*Work task*
Please restate, word for word, the lines below that begin at the one with "0 < eta -> eta <= rho -> rho <= d pt x ->" and end at the one with "by rewrite mulrC". Leave out all other lines.

*Exercise inputs*
(* The test function is a tent around [x] whose radius is
   chosen, by pigeonhole, so that no point [f^n y_k] lies in its slope. *)
Lemma separation (K : nat) (a : nat -> R) (y : nat -> M) (x : M) (n : nat)
  (eta rho sigma : R) :
  0 < eta -> eta <= rho -> rho <= d pt x ->
  (forall k, (k < K)%N -> y k <> x -> rho <= d (y k) x) ->
  (forall J : {set 'I_K}, (forall k, k \in J -> y k <> x) ->
     sigma <= `|\sum_(k in J) a k - \sum_(k < K | `[< y k = x >]) a k|) ->
  eta <= d (iter n f x) x ->
  ((eta / K.+1%:R * sigma)%:E <=
     fdist d pt (finmol K a y) (iter n (fhat f) (finmol K a y)))%E.
Proof.
move=> eta0 eta_rho rho_pt rho_y sigma_J moved.
set del := eta / K.+1%:R.
have del0 : 0 < del by rewrite divr_gt0 // ltr0n.
have [i slot] := empty_slot (fun k : 'I_K => d (iter n f (y k)) x) del0.
set al := i%:R * del in slot *.
have al_del : al + del <= eta.
  rewrite /al -{2}(mul1r del) -mulrDl natr1 /del mulrA ler_pdivrMr ?ltr0n //.
  by rewrite mulrC ler_pM2l // ler_nat ltn_ord.
have ball := @tent_ball _ _ d pt metric_d x al del (ltW del0)
  (le_trans al_del (le_trans eta_rho rho_pt)).
apply: le_trans (fdist_ub _ _ ball); rewrite lee_fin iter_fhat !finmolE.
set J := [set k : 'I_K | d (iter n f (y k)) x <= al]%SET.
have at_start : \sum_(k < K) a k * tent d x al del (y k)
    = (\sum_(k < K | `[< y k = x >]) a k) * del.
  rewrite mulr_suml [RHS]big_mkcond /=; apply: eq_bigr => k _.
  case: asboolP => [->|ykx].
    by rewrite (tent_near (ltW del0)) // (d_refl metric_d) /al mulr_ge0 // ltW.
  rewrite (tent_far (ltW del0)) ?mulr0 //; apply: le_trans (rho_y _ (ltn_ord k) ykx).
  exact: le_trans eta_rho.
have at_n : \sum_(k < K) a k * tent d x al del (iter n f (y k))
    = (\sum_(k in J) a k) * del.
  rewrite mulr_suml [RHS]big_mkcond /=; apply: eq_bigr => k _.
  rewrite inE; case: ifP => [near|/negbT]; first by rewrite (tent_near (ltW del0)).
  rewrite -ltNge => not_near.
  have far : al + del <= d (iter n f (y k)) x.
    by move: (slot k); rewrite not_near /= -leNgt -natr1 mulrDl mul1r.
  by rewrite (tent_far (ltW del0)) ?mulr0.
rewrite at_start at_n -mulrBl normrM (gtr0_norm del0) [X in _ <= X]mulrC ler_pM2l // distrC.
apply: sigma_J => k; rewrite inE => near ykx; move: near; rewrite ykx.
by have := le_trans al_del moved; lra.
Qed.

End Separation.

Section GenericMolecules.
Variables (R : realType) (M : Type) (d : M -> M -> R) (pt : M) (f : M -> M).
Hypothesis metric_d : is_metric d.
Hypothesis f_pt : f pt = pt.

Definition generic_at (K : nat) (a : nat -> R) (y : nat -> M) (x : M) : Prop :=
  forall J : {set 'I_K}, (forall k, k \in J -> y k <> x) ->
    \sum_(k in J) a k != \sum_(k < K | `[< y k = x >]) a k.

Lemma iter_f_pt n : iter n f pt = pt.
Proof. by elim: n => //= n ->. Qed.

Lemma generic_recurrence (K : nat) (a : nat -> R) (y : nat -> M) (x : M)
    (n : nat -> nat) :
  generic_at K a y x ->
  (forall j, (fdist d pt (finmol K a y) (iter (n j) (fhat f) (finmol K a y))
               < (j.+1%:R^-1)%:E)%E) ->
  (fun j => d (iter (n j) f x) x) @ \oo --> 0.
Proof.
move=> generic recurrent.
apply/cvgrPdist_lt => e e0.
have [->|x_pt] := pselect (x = pt).
  by exists 0%N => // j _ /=; rewrite iter_f_pt d_refl // subrr normr0.
have [rho [rho0 rho_y]] := @fin_pos_lb R _ (fun k : 'I_K => `[< y k <> x >])
  (fun k => d (y k) x) (fun k ykx => d_gt0 metric_d (asboolW ykx)).
have mismatch_gt0 (J : {set 'I_K}) : [forall k in J, `[< y k <> x >]] ->
    0 < `|\sum_(k in J) a k - \sum_(k < K | `[< y k = x >]) a k|.
  move=> /forall_inP J_avoids; rewrite normr_gt0 subr_eq0.
  by apply: generic => k /J_avoids /asboolW.
have [sigma [sigma0 sigma_J]] := fin_pos_lb mismatch_gt0.
set rho' := Num.min rho (d pt x).
have rho'_y k : (k < K)%N -> y k <> x -> rho' <= d (y k) x.
  by move=> kK ykx; rewrite ge_min (rho_y (Ordinal kK)) //; apply/asboolP.
have sigma_J' (J : {set 'I_K}) : (forall k, k \in J -> y k <> x) ->
    sigma <= `|\sum_(k in J) a k - \sum_(k < K | `[< y k = x >]) a k|.
  by move=> J_avoids; apply/sigma_J/forall_inP => k /J_avoids /asboolP.
set eta := Num.min e rho'.
have eta0 : 0 < eta by rewrite !lt_min e0 rho0 d_gt0 // => /esym.
set c := eta / K.+1%:R * sigma.
have c0 : 0 < c by rewrite mulr_gt0 // divr_gt0 // ltr0n.
exists (Num.truncn c^-1) => // j /= c_j; rewrite sub0r normrN ger0_norm ?d_ge0 //.
apply: (@lt_le_trans _ _ eta); last by rewrite ge_min lexx.
rewrite ltNge; apply/negP => moved.
have eta_rho' : eta <= rho' by rewrite ge_min lexx orbT.
have rho'_pt : rho' <= d pt x by rewrite ge_min lexx orbT.
have := separation (f := f) metric_d eta0 eta_rho' rho'_pt rho'_y sigma_J' moved.
move=> /le_lt_trans /(_ (recurrent j)); rewrite lte_fin; apply/negP; rewrite -leNgt.
rewrite -/c -[c in _ <= c]invrK lef_pV2 ?posrE ?invr_gt0 ?ltr0n //.
by apply: ltW; apply: lt_le_trans (truncnS_gt _) _; rewrite ler_nat ltnS.
Qed.
End GenericMolecules.

Section Perturbation.
Variables (R : realType) (M : Type) (d : M -> M -> R) (pt : M).
Hypothesis metric_d : is_metric d.
Variables (p : nat) (a0 : nat -> R) (y0 : nat -> M) (q : nat) (z : nat -> M).
Hypothesis z_inj : forall i j, (i < q)%N -> (j < q)%N -> z i = z j -> i = j.

Definition base_mismatch (x : M) (J : {set 'I_(p + q)}) : R :=
  \sum_(k < p | lshift q k \in J) a0 k - \sum_(k < p | `[< y0 k = x >]) a0 k.

Definition binary_mismatch (i0 : nat) (J : {set 'I_(p + q)}) : R :=
  \sum_(i < q | rshift p i \in J) 2%:R ^+ i - 2%:R ^+ i0.

Lemma binary_mismatch_neq0 (i0 : 'I_q) (J : {set 'I_(p + q)}) :
  rshift p i0 \notin J -> binary_mismatch i0 J != 0.
Proof.
move=> i0_notin; rewrite subr_eq0 -natrX.
rewrite (eq_bigr (fun i : 'I_q => (2 ^ i)%:R)) => [|i _]; last by rewrite natrX.
rewrite -natr_sum eqr_nat.
rewrite (eq_bigl (fun i : 'I_q => rshift p (insubd i0 i) \in J)) => [|i]; last by rewrite valKd.
by apply: (sum_pow2_neq (P := fun n => rshift p (insubd i0 n) \in J)); rewrite ?valKd.
Qed.

Section Weights.
Variable t : R.

Definition pert_coef (k : nat) : R := if (k < p)%N then a0 k else t * 2%:R ^+ (k - p).
Definition pert_pt (k : nat) : M := if (k < p)%N then y0 k else z (k - p).

Lemma pert_coef_lshift (k : 'I_p) : pert_coef (lshift q k) = a0 k.
Proof. by rewrite /pert_coef /= ltn_ord. Qed.
Lemma pert_pt_lshift (k : 'I_p) : pert_pt (lshift q k) = y0 k.
Proof. by rewrite /pert_pt /= ltn_ord. Qed.
Lemma pert_coef_rshift (i : 'I_q) : pert_coef (rshift p i) = t * 2%:R ^+ i.
Proof. by rewrite /pert_coef /= ltnNge leq_addr /= addKn. Qed.
Lemma pert_pt_rshift (i : 'I_q) : pert_pt (rshift p i) = z i.
Proof. by rewrite /pert_pt /= ltnNge leq_addr /= addKn. Qed.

*Your solution*
  0 < eta -> eta <= rho -> rho <= d pt x ->
  (forall k, (k < K)%N -> y k <> x -> rho <= d (y k) x) ->
  (forall J : {set 'I_K}, (forall k, k \in J -> y k <> x) ->
     sigma <= `|\sum_(k in J) a k - \sum_(k < K | `[< y k = x >]) a k|) ->
  eta <= d (iter n f x) x ->
  ((eta / K.+1%:R * sigma)%:E <=
     fdist d pt (finmol K a y) (iter n (fhat f) (finmol K a y)))%E.
Proof.
move=> eta0 eta_rho rho_pt rho_y sigma_J moved.
set del := eta / K.+1%:R.
have del0 : 0 < del by rewrite divr_gt0 // ltr0n.
have [i slot] := empty_slot (fun k : 'I_K => d (iter n f (y k)) x) del0.
set al := i%:R * del in slot *.
have al_del : al + del <= eta.
  rewrite /al -{2}(mul1r del) -mulrDl natr1 /del mulrA ler_pdivrMr ?ltr0n //.
  by rewrite mulrC ler_pM2l // ler_nat ltn_ord.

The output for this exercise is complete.